Market Maker Friction Factor is shown in the chart below:

Symbol Change % BuyVol Buy% SellVol Sell% NetVol Friction

SPNG $0.04 39.86% 131,626,816 52.65% 118,477,215 47.39% 13,149,601 3,295,639

JPM $0.95 2.75% 27,165,331 44.16% 22,902,243 37.23% 4,263,088 44,875

DHI $0.45 4.89% 5,571,956 51.80% 3,688,041 34.29% 1,883,915 41,865

XOMA $0.12 11.32% 15,064,420 53.02% 13,370,750 47.06% 1,693,670 141,139

NTAP $0.16 0.85% 5,722,716 57.97% 4,056,522 41.09% 1,666,194 104,137

GFG $0.11 37.93% 4,793,084 57.89% 3,456,695 41.75% 1,336,389 121,490

Click here to view chart:

Analysis of the Friction Factor chart above shows that each of the six stocks mentioned above have high net buy volumes (buy volume " sell volume) and low price friction in their stocks. The Friction Factor displays how many more shares of buying than selling are required to move a stock higher by one cent or how many more shares of selling than buying moves a stock lower by 1 cent.

For example, the chart above shows SPNG with a Net Buy Volume of 13,149,601 shares and a Friction Factor of 3,295,639 shares. That means that it takes 3,295,639 more shares of buying than selling to move SPNG higher by one penny. This means the Market Makers are allowing the stock to move up higher as of Monday (with less price friction). And with one of the highest Net Buy Volumes, the combination of price friction and high net buy volume is bullish.

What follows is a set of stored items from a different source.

(* Let $(\Omega,\mathcal F,\mu)$ be a $\sigma$-finite measure space, $\mathcal P_>$ the set of $\mu$-a.s. strictly positive probability densities, and for $p\in\mathcal P_>$ let $H_p=L^2_0(p)=\{u: E_p[u^2]<\infty,\ E_p[u]=0\}$ with inner product $(u,v)\mapsto E_p[uv]$. For $p,q\in\mathcal P_>$ and $u\in H_p$ define $$U_p^q u=\sqrt{\tfrac pq}\,u-\Bigl(1+E_q\Bigl[\sqrt{\tfrac pq}\Bigr]\Bigr)^{-1}\Bigl(1+\sqrt{\tfrac pq}\Bigr)E_q\Bigl[\sqrt{\tfrac pq}\,u\Bigr].$$ Then: (1) $U_p^q$ is an isometry of $H_p$ onto $H_q$; (2) $U_q^p\circ U_p^q u=u$ for all $u\in H_p$, and the adjoint of $U_p^q$ (with respect to the inner products of $H_p$ and $H_q$) is $U_q^p$.
   Context: $E_p[\cdot]$ denotes expectation with respect to the probability measure $p\cdot\mu$. *)

From HB Require Import structures.
From mathcomp Require Import all_boot all_order all_algebra.
From mathcomp Require Import all_classical all_reals all_analysis.
Set Implicit Arguments. Unset Strict Implicit. Unset Printing Implicit Defensive.
Import Order.TTheory GRing.Theory Num.Theory.
Local Open Scope classical_set_scope.
Local Open Scope ring_scope.

Section Defs.
Context (d : measure_display) (T : measurableType d) (R : realType)
  (mu : {measure set T -> \bar R}).

Definition Ep (p f : T -> R) : \bar R := (\int[mu]_x (f x * p x)%:E)%E.

Definition pos_density (p : T -> R) : Prop :=
  [/\ measurable_fun setT p,
      (\int[mu]_x (p x)%:E = 1)%E &
      {ae mu, forall x, 0 < p x}].

Definition inH (p u : T -> R) : Prop :=
  [/\ measurable_fun setT u,
      (Ep p (fun x => (u x ^+ 2)%R) < +oo)%E &
      Ep p u = 0%E].

Definition ip (p u v : T -> R) : \bar R := Ep p (fun x => u x * v x).

Definition sqr (p q : T -> R) : T -> R := fun x => Num.sqrt (p x / q x).

Definition Uop (p q u : T -> R) : T -> R := fun x =>
  sqr p q x * u x
  - (1 + fine (Ep q (sqr p q)))^-1 * (1 + sqr p q x)
    * fine (Ep q (fun y => sqr p q y * u y)).
End Defs.

From HB Require Import structures.
From mathcomp Require Import all_boot all_order all_algebra.
From mathcomp Require Import all_classical all_reals all_analysis.
From mathcomp Require Import measurable_realfun ring lra.
Import Order.TTheory GRing.Theory Num.Theory.
Local Open Scope classical_set_scope.
Local Open Scope ring_scope.

Set Implicit Arguments. Unset Strict Implicit. Unset Printing Implicit Defensive.

(* Write g := sqrt(p q), A := E_q[sqrt(p/q)] = \int g, c := E_q[sqrt(p/q) u]
   = \int u g and k := (1 + A)^-1. Almost everywhere (U_p^q u) q equals
   u g - k c (q + g), so every quantity in the statement is a linear
   combination of \int p = \int q = 1, \int u p = \int v q = 0, \int g,
   \int u g, \int v g, \int u^2 p and \int u v g, and each claim reduces to an
   identity in k, c and A. The inversion identity even holds pointwise, since
   sqrt(q/p) sqrt(p/q) = 1 and E_p[sqrt(q/p) U_p^q u] = -c; applied with p and
   q exchanged it gives surjectivity. *)

Section real_facts.
Context (R : realType).

Lemma measurable_invr : measurable_fun [set: R] (@GRing.inv R).
Proof.
rewrite -(setvU [set 0%R]).
have m0 : measurable [set (0:R)] by [].
have [_ minv] := measurable_funU (@GRing.inv R) (measurableC m0) m0.
apply: minv.
split; last exact: measurable_fun_set1.
apply: open_continuous_measurable_fun.
  apply: closed_openC; apply: accessible_closed_set1.
  exact/hausdorff_accessible/Rhausdorff.
by move=> x; rewrite inE /= => x0; apply: inv_continuous; exact/eqP.
Qed.

Lemma measurable_sqrtr : measurable_fun [set: R] (@Num.sqrt R).
Proof. by apply: continuous_measurable_fun; exact: sqrt_continuous. Qed.

Lemma le_normr_bounds (x y : R) : - y <= x -> x <= y -> `|x| <= `|y|.
Proof. by move=> yx xy; rewrite (le_trans _ (ler_norm y)) // ler_norml yx. Qed.

End real_facts.

Section real_integrable.
Context (d : measure_display) (T : measurableType d) (R : realType)
  (mu : {measure set T -> \bar R}).
Local Notation integrable f := (mu.-integrable setT (EFin \o f)).
Local Notation Rint f := (Rintegral mu setT f).

Lemma integrableRD (f g : T -> R) :
  integrable f -> integrable g -> integrable (fun x => f x + g x).
Proof. by move=> fi gi; exact: eq_integrable (integrableD _ fi gi). Qed.

Lemma integrableRB (f g : T -> R) :
  integrable f -> integrable g -> integrable (fun x => f x - g x).
Proof. by move=> fi gi; exact: eq_integrable (integrableB _ fi gi). Qed.

Lemma integrableRZl (k : R) (f : T -> R) :
  integrable f -> integrable (fun x => k * f x).
Proof. by move=> fi; exact: eq_integrable (integrableZl _ k fi). Qed.

Lemma le_integrable_ae (f g : T -> R) : measurable_fun setT f ->
  {ae mu, forall x, `|f x| <= `|g x|} -> integrable g -> integrable f.
Proof.
move=> mf fg /integrableP[mg gfin]; apply/integrableP.
split; first exact/measurable_EFinP.
apply: le_lt_trans gfin; apply: ae_ge0_le_integral => //.
- exact/measurableT_comp/measurable_EFinP.
- exact: measurableT_comp.
by apply: filterS fg => x fgx _ /=; rewrite lee_fin.
Qed.

Lemma ge0_integrable_ae (f : T -> R) : measurable_fun setT f ->
  {ae mu, forall x, 0 <= f x} -> (\int[mu]_x (f x)%:E < +oo)%E ->
  integrable f.
Proof.
move=> mf f0 ffin; apply/integrableP; split; first exact/measurable_EFinP.
rewrite (_ : \int[mu]_x _ = \int[mu]_x (f x)%:E)%E //.
apply: ae_eq_integral => //.
- exact/measurableT_comp/measurable_EFinP.
- exact/measurable_EFinP.
by apply: filterS f0 => x fx0 _ /=; rewrite ger0_norm.
Qed.

Lemma ae_eq_Rintegral (f g : T -> R) :
  measurable_fun setT f -> measurable_fun setT g ->
  {ae mu, forall x, f x = g x} -> Rint f = Rint g.
Proof.
move=> mf mg fg; rewrite /Rintegral; congr fine.
apply: ae_eq_integral => //; [exact/measurable_EFinP..|].
by apply: filterS fg => x /= ->.
Qed.

Lemma Ep_Rintegral (q f : T -> R) : integrable (fun x => f x * q x) ->
  Ep mu q f = (Rint (fun x => f x * q x))%:E.
Proof. by move=> fi; rewrite /Rintegral fineK //; exact: integrable_fin_num. Qed.

Lemma Ep_ae_eq (q f h : T -> R) : measurable_fun setT (fun x => f x * q x) ->
  {ae mu, forall x, f x * q x = h x} -> integrable h ->
  Ep mu q f = (Rint h)%:E.
Proof.
move=> mf fh hi; have fi : integrable (fun x => f x * q x).
  by apply: le_integrable_ae mf _ hi; apply: filterS fh => x ->.
rewrite (Ep_Rintegral fi); congr EFin.
by apply: ae_eq_Rintegral mf _ fh; case/integrableP: hi => /measurable_EFinP.
Qed.

Section density.
Variables (r : T -> R) (hr : pos_density mu r).

Lemma pos_density_measurable : measurable_fun setT r.
Proof. by case: hr. Qed.

Lemma pos_density_integrable : integrable r.
Proof.
case: hr => mr r1 r0; apply: ge0_integrable_ae => //; last by rewrite r1 ltry.
by apply: filterS r0 => x /ltW.
Qed.

Lemma Rintegral_pos_density : Rint r = 1.
Proof. by case: hr => _ r1 _; rewrite /Rintegral r1. Qed.

Section centered.
Variables (u : T -> R) (hu : inH mu r u).

Lemma inH_measurable : measurable_fun setT u.
Proof. by case: hu. Qed.

Lemma inH_integrable_sqr : integrable (fun x => u x ^+ 2 * r x).
Proof.
case: hu => mu' u2 _; case: hr => mr _ r0; apply: ge0_integrable_ae => //.
- exact/measurable_funM/mr/measurable_funX.
- by apply: filterS r0 => x r0; rewrite mulr_ge0 ?sqr_ge0 // ltW.
Qed.

(* |u| r <= (u^2 + 1) r *)
Lemma inH_integrable : integrable (fun x => u x * r x).
Proof.
apply: le_integrable_ae
  (integrableRD inH_integrable_sqr pos_density_integrable).
  exact/measurable_funM/pos_density_measurable/inH_measurable.
case: hr => _ _; apply: filterS => x /ltW r0.
have := mulr_ge0 r0 (sqr_ge0 (u x - 1)); have := mulr_ge0 r0 (sqr_ge0 (u x + 1)).
by move=> h1 h2; apply: le_normr_bounds; nra.
Qed.

Lemma Rintegral_inH : Rint (fun x => u x * r x) = 0.
Proof. by case: hu => _ _; rewrite (Ep_Rintegral inH_integrable) => -[]. Qed.

End centered.
End density.
End real_integrable.

Section transport.
Context (d : measure_display) (T : measurableType d) (R : realType)
  (mu : {measure set T -> \bar R}).
Local Notation integrable f := (mu.-integrable setT (EFin \o f)).
Local Notation Rint f := (Rintegral mu setT f).

Definition gmean (p q : T -> R) (x : T) : R := Num.sqrt (p x) * Num.sqrt (q x).

Definition Ucoef (p q : T -> R) : R := (1 + fine (Ep mu q (sqr p q)))^-1.

Definition Uinner (p q u : T -> R) : R :=
  fine (Ep mu q (fun y => sqr p q y * u y)).

Lemma UopE p q u x :
  Uop mu p q u x = sqr p q x * u x - Ucoef p q * (1 + sqr p q x) * Uinner p q u.
Proof. by []. Qed.

Lemma gmeanC p q : gmean q p = gmean p q.
Proof. by apply/funext => x; rewrite /gmean mulrC. Qed.

Lemma gmean_ge0 p q x : 0 <= gmean p q x.
Proof. by rewrite mulr_ge0 ?sqrtr_ge0. Qed.

Lemma measurable_sqrt_fun (f : T -> R) : measurable_fun setT f ->
  measurable_fun setT (fun x => Num.sqrt (f x)).
Proof. exact: measurableT_comp (@measurable_sqrtr R). Qed.

Lemma measurable_sqr (p q : T -> R) : measurable_fun setT p ->
  measurable_fun setT q -> measurable_fun setT (sqr p q).
Proof.
move=> mp mq; apply/measurable_sqrt_fun/measurable_funM => //.
exact: measurableT_comp (@measurable_invr R) mq.
Qed.

Lemma measurable_gmean (p q : T -> R) : measurable_fun setT p ->
  measurable_fun setT q -> measurable_fun setT (gmean p q).
Proof. by move=> mp mq; apply: measurable_funM; exact: measurable_sqrt_fun. Qed.

Lemma measurable_Uop (p q u : T -> R) : measurable_fun setT p ->
  measurable_fun setT q -> measurable_fun setT u ->
  measurable_fun setT (Uop mu p q u).
Proof.
move=> mp mq mu'; have msqr := measurable_sqr mp mq.
apply: measurable_funB; first exact: measurable_funM.
apply: measurable_funM => //; apply: measurable_funM => //.
exact: measurable_funD.
Qed.

(* Naming the square roots of p x and q x turns every pointwise identity into
   a rational identity in two positive reals, which [field] can decide. *)
Lemma sqrt_param (p q : T -> R) x : 0 < p x -> 0 < q x -> exists a b,
  [/\ 0 < a, 0 < b, p x = a ^+ 2, q x = b ^+ 2 &
   [/\ sqr p q x = a / b, sqr q p x = b / a & gmean p q x = a * b]].
Proof.
move=> px qx; exists (Num.sqrt (p x)), (Num.sqrt (q x)).
split; rewrite ?sqrtr_gt0 ?sqr_sqrtr ?ltW //.
by split; rewrite // /sqr sqrtrM ?sqrtrV ?ltW // invr_ge0 ltW.
Qed.

Section densities.
Variables (p q : T -> R) (hp : pos_density mu p) (hq : pos_density mu q).
Let mp := pos_density_measurable hp.
Let mq := pos_density_measurable hq.

Lemma ae_pos_densities : {ae mu, forall x, 0 < p x /\ 0 < q x}.
Proof. by case: hp => _ _ p0; case: hq => _ _ q0; exact: filterS2 p0 q0. Qed.

Lemma integrable_gmean : integrable (gmean p q).
Proof.
apply: le_integrable_ae (measurable_gmean mp mq) _
  (integrableRD (pos_density_integrable hp) (pos_density_integrable hq)).
apply: filterS ae_pos_densities => x [px qx].
have [a [b [a0 b0 -> -> [_ _ ->]]]] := sqrt_param px qx.
by apply: le_normr_bounds; nra.
Qed.

Lemma Ep_sqr : fine (Ep mu q (sqr p q)) = Rint (gmean p q).
Proof.
apply: ae_eq_Rintegral.
- exact: measurable_funM (measurable_sqr mp mq) mq.
- exact: measurable_gmean.
apply: filterS ae_pos_densities => x [px qx].
have [a [b [_ b0 _ -> [-> _ ->]]]] := sqrt_param px qx.
by field; rewrite gt_eqF.
Qed.

Lemma Ucoef_gmean : Ucoef p q = (1 + Rint (gmean p q))^-1.
Proof. by rewrite /Ucoef Ep_sqr. Qed.

Lemma add1_Rintegral_gmean_neq0 : 1 + Rint (gmean p q) != 0.
Proof.
rewrite gt_eqF // ltr_wpDr //.
by apply: Rintegral_ge0 => // x _; exact: gmean_ge0.
Qed.

Section centered.
Variables (u : T -> R) (hu : inH mu p u).
Let mu' := inH_measurable hu.

Lemma integrable_mul_gmean : integrable (fun x => u x * gmean p q x).
Proof.
apply: le_integrable_ae _ _
  (integrableRD (inH_integrable_sqr hp hu) (pos_density_integrable hq)).
  exact: measurable_funM (measurable_gmean mp mq).
apply: filterS ae_pos_densities => x [px qx].
have [a [b [a0 b0 -> -> [_ _ ->]]]] := sqrt_param px qx.
have := sqr_ge0 (u x * a - b); have := sqr_ge0 (u x * a + b).
by move=> h1 h2; apply: le_normr_bounds; nra.
Qed.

SpongeTech Delivery Systems, Inc. (OTCBB: SPNG) designs, produces, and markets unique lines of reusable cleaning products for car care, child care, home care, and pet care usages. These sponge-like products utilize SpongeTech's proprietary, patent (and patent-pending) technologies, and other technologies involving hydrophilic (liquid absorbing) foam, polyurethane matrices, or other ingredients. The company's sponge-like products are pre-loaded with specially formulated ingredients, such as soap, conditioner, and/or wax that are released when the sponge is soaked and applied to a surface with minimal pressure. SpongeTech Delivery Systems is exploring additional applications for its technology in the health, beauty, and medical markets. It plans to globally brand its company as America's Cleaning Company. The company was founded in 1999 and is based in New York, New York.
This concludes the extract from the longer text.